Interview
a16z Podcast | Automation + Work, Human + Machine
- Supply chains will evolve continuously through cobots managing "bits to atoms" interactions and AI handling "bits to bits" sequencing, shifting from static industrial processes to dynamic, personalized business models characterized by lot sizes of one and momentary markets.
- Human-machine coexistence is expected to persist as humans manage complexity and machines perform on-the-fly reprogramming, leading to workers configuring robots dynamically in real time to create continually adaptive manufacturing processes.
- The labor market is projected to see approximately 14% to 15% of jobs eliminated while a third to 40% are significantly transformed, with new roles emerging in the "missing middle" such as behavioral AI trainers and positions enhanced by exoskeletons or AI chatbots.
- The timeline for robots wiping out human production jobs is estimated at another lifetime or two, as current robot capacity relative to total job numbers remains insufficient, and improved efficiency via technology is likely to extend job longevity.
- Artificial General Intelligence or superintelligence is not anticipated to be created in the near future, with developments focusing instead on narrow task-specific capabilities.
- AI is identified as the fastest-growing enterprise trend regarding spending and impact, diversifying across industries, though the primary challenge for AI companies involves achieving broader industry generalization beyond narrow contexts.

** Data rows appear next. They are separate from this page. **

(* Let $I\subseteq\mathfrak{M}$ be an ideal, let $Z=\{z_1,\dots,z_s\}$ be a set of distinct indeterminates in $X$, let $\sigma$ be a $Z$-separating term ordering for $I$, and let $\{\frac1{c_1}f_1,\dots,\frac1{c_s}f_s,g_1,\dots,g_t\}$ be a $Z$-separating $\sigma$-Gröbner basis of $I$ (with $(f_1,\dots,f_s)$ coherently $Z$-separating, $c_i=\mathrm{LC}_\sigma(f_i)$, $z_i=\mathrm{LT}_\sigma(f_i)$, and $\{g_1,\dots,g_t\}$ the reduced $\hat\sigma$-Gröbner basis of $I\cap\widehat P$). Write $X\setminus Z=\{y_1,\dots,y_{n-s}\}$. (a) Let $\varphi:P\to\widehat P$ be the $K$-algebra homomorphism with $\varphi(x_i)=x_i$ if $x_i\notin Z$ and $\varphi(x_i)=\mathrm{tail}_{z_j}(f_j)$ if $x_i=z_j$. Then $\varphi$ induces a $K$-algebra isomorphism $\Phi:P/I\to\widehat P/(I\cap\widehat P)$, $\Phi(x_i+I)=\varphi(x_i)+(I\cap\widehat P)$. (b) The inverse $\Phi^{-1}$ is given by $y_i+(I\cap\widehat P)\mapsto y_i+I$ for $i=1,\dots,n-s$. (c) $\Phi$ and $\Phi^{-1}$ do not depend on the choice of the $Z$-separating $\sigma$-Gröbner basis of $I$; in particular they may be defined using the reduced $\sigma$-Gröbner basis of $I$.
   Context: $K$ is a field, $P=K[x_1,\dots,x_n]$, $X=\{x_1,\dots,x_n\}$, $\mathfrak{M}=\langle x_1,\dots,x_n\rangle$, $\widehat P=K[X\setminus Z]$, $\hat\sigma$ the restriction of $\sigma$ to $\widehat P$. For $f\in P$, $\mathrm{indets}(f)$ is the set of indeterminates dividing some term in the support of $f$. For $f\in\mathfrak{M}$ with nonzero degree-one part $\mathrm{Lin}_{\mathfrak{M}}(f)$, $z\in\mathrm{indets}(\mathrm{Lin}_{\mathfrak M}(f))$, and $c\neq 0$ the coefficient of $z$ in $f$, set $\mathrm{tail}_z(f)=z-\frac1cf$; $f$ is $z$-separating if $z\notin\mathrm{indets}(\mathrm{tail}_z(f))$. A tuple $(f_1,\dots,f_s)$ of nonzero elements of $\mathfrak M$ is coherently $Z$-separating if each $f_i$ is $z_i$-separating and $z_i\notin\mathrm{indets}(f_j)$ for $j\ne i$. A term ordering $\sigma$ is a $Z$-separating term ordering for $I$ if there are $f_1,\dots,f_s\in I\setminus\{0\}$ with $z_i=\mathrm{LT}_\sigma(f_i)$ and $(f_1,\dots,f_s)$ coherently $Z$-separating. For such $\sigma$, a $Z$-separating $\sigma$-Gröbner basis of $I$ is a $\sigma$-Gröbner basis of the form $\{\frac1{c_1}f_1,\dots,\frac1{c_s}f_s,g_1,\dots,g_t\}$ with $(f_1,\dots,f_s)$ coherently $Z$-separating, $c_i=\mathrm{LC}_\sigma(f_i)$, $z_i=\mathrm{LT}_\sigma(f_i)$, and $\{g_1,\dots,g_t\}$ the reduced $\hat\sigma$-Gröbner basis of $I\cap\widehat P$. *)

From HB Require Import structures.
From mathcomp Require Import all_boot all_order all_algebra.
From mathcomp Require Import mpoly.
Set Implicit Arguments. Unset Strict Implicit. Unset Printing Implicit Defensive.
Import GRing.Theory.
Local Open Scope ring_scope.

Section GroebnerDefs.
Variables (K : fieldType) (n : nat).
Local Notation P := {mpoly K[n]}.
Local Notation mono := 'X_{1..n}.

Definition term_ordering (le : rel mono) : Prop :=
  [/\ reflexive le, antisymmetric le, transitive le & total le] /\
  (forall m : mono, le 0%MM m) /\
  (forall m1 m2 m : mono, le m1 m2 -> le (m1 + m)%MM (m2 + m)%MM).

Definition LT (le : rel mono) (f : P) : mono :=
  foldr (fun m acc => if le acc m then m else acc) 0%MM (msupp f).
Definition LC (le : rel mono) (f : P) : K := f@_(LT le f).

Definition is_ideal (I : P -> Prop) : Prop :=
  [/\ I 0, (forall a b, I a -> I b -> I (a + b)) &
      (forall a b, I b -> I (a * b))].

(* The maximal ideal M = <x_1,...,x_n>: zero constant coefficient. *)
Definition in_M (f : P) : Prop := f@_0%MM = 0.

Definition indets (f : P) : pred 'I_n :=
  fun i => has (fun m : mono => 0 < m i)%N (msupp f).

(* Coefficient of the indeterminate x_i in f (i.e. in Lin_M(f)). *)
Definition lin_coef (i : 'I_n) (f : P) : K := f@_(U_(i))%MM.

Definition tail (i : 'I_n) (f : P) : P := 'X_i - (lin_coef i f)^-1 *: f.

(* f is x_i-separating (this includes f in M and x_i in indets(Lin_M f)). *)
Definition separating (i : 'I_n) (f : P) : Prop :=
  [/\ in_M f, lin_coef i f != 0 & ~~ indets (tail i f) i].

Section WithZ.
Variables (s : nat) (z : 'I_s -> 'I_n).

(* membership in hat P = K[X \ Z] *)
Definition in_Phat (f : P) : Prop := forall j : 'I_s, ~~ indets f (z j).

Definition coh_separating (f : 'I_s -> P) : Prop :=
  forall i : 'I_s, [/\ f i != 0, in_M (f i), separating (z i) (f i) &
    forall j : 'I_s, j != i -> ~~ indets (f j) (z i)].

(* sigma-Groebner basis of an ideal J (G subset J and LT(J) = <LT(G)>) *)
Definition groebner (le : rel mono) (J : P -> Prop) (G : seq P) : Prop :=
  (forall g, g \in G -> J g) /\
  (forall h, J h -> h != 0 ->
     exists2 g, g \in G & (g != 0) && lem (LT le g) (LT le h)).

- Risks related to bias and data imperfections could cause adverse consequences that slow societal innovation, prompting the creation of hundreds of new roles such as Directors of Research and Ethics.
- Success in an AI-centric environment will depend on measuring data to iterate quickly, with organizations investing in lifelong learning mechanisms avoiding failure while those without such environments struggle to keep pace with innovation.
- Job roles like trucking are predicted to transform into remote operation and pilot positions, while human strengths in improvisation, intelligent interrogation, extrapolation, and emotive responses will remain uniquely valuable for the foreseeable future.
- Combined human judgment and machine learning algorithms are expected to outperform either humans or algorithms alone in fields like medical diagnosis, driving a need for education systems to focus on uniquely human capabilities like empathy, curiosity, and a sense of fair play.